Lemma subset_Pr theta N (A B : pred (outcome N)) : simplex theta ->
  (forall w, A w -> B w) -> Pr p q theta A <= Pr p q theta B.
Proof.
move=> hs AB; rewrite [X in X <= _]big_mkcond [X in _ <= X]big_mkcond /=.
apply: ler_sum => w _; case Aw: (A w); first by rewrite AB.
by case: (B w); rewrite ?weight_ge0.
Qed.

Lemma markov theta N (f : outcome N -> R) a : simplex theta -> 0 < a ->
  (forall w, 0 <= f w) -> Pr p q theta (fun w => a < f w) <= Exp p q theta f / a.
Proof.
move=> hs a_gt0 f_ge0; rewrite ler_pdivlMr // mulr_suml.
rewrite [X in _ <= X](bigID (fun w => a < f w)) /=.
rewrite -[X in X <= _]addr0 lerD ?sumr_ge0 // => [|w _]; last by rewrite mulr_ge0 ?weight_ge0.
by apply: ler_sum => w afw; rewrite ler_wpM2l ?weight_ge0 // ltW.
Qed.

End RandomizedResponse.

Section Consistency.
Variables (R : realType) (K : nat) (p q : R).
Hypotheses (K_ge2 : (2 <= K)%N) (q_gt0 : 0 < q) (q_lt_p : q < p)
  (rr_norm : p + (K - 1)%:R * q = 1).
Notation vec := {ffun 'I_K -> R}.
Notation outcome N := {ffun 'I_N -> 'I_K * 'I_K}.

Let K_gt0 : (0 < K)%N. Proof. exact: ltnW. Qed.
Let pq_gt0 : 0 < p - q. Proof. by rewrite subr_gt0. Qed.
Let p_gt0 : 0 < p. Proof. exact: lt_trans q_lt_p. Qed.

Definition Inv_continuous_at (est : vec -> vec) (theta : vec) : Prop :=
  forall eps, 0 < eps -> exists2 d, 0 < d & forall phi, simplex phi ->
    sqdist (Inv p q phi) theta <= d ^+ 2 -> sqdist (est phi) theta <= eps ^+ 2.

════════════════

* _Task_
Retype every line of the listing, word for word, from its opening line to the line that holds "move=> hs a_gt0", and include that last line too.

* _Answer space_
Lemma subset_Pr theta N (A B : pred (outcome N)) : simplex theta ->
  (forall w, A w -> B w) -> Pr p q theta A <= Pr p q theta B.
Proof.
move=> hs AB; rewrite [X in X <= _]big_mkcond [X in _ <= X]big_mkcond /=.
apply: ler_sum => w _; case Aw: (A w); first by rewrite AB.
by case: (B w); rewrite ?weight_ge0.
Qed.

Lemma markov theta N (f : outcome N -> R) a : simplex theta -> 0 < a ->
  (forall w, 0 <= f w) -> Pr p q theta (fun w => a < f w) <= Exp p q theta f / a.
Proof.
move=> hs a_gt0 f_ge0; rewrite ler_pdivlMr // mulr_suml.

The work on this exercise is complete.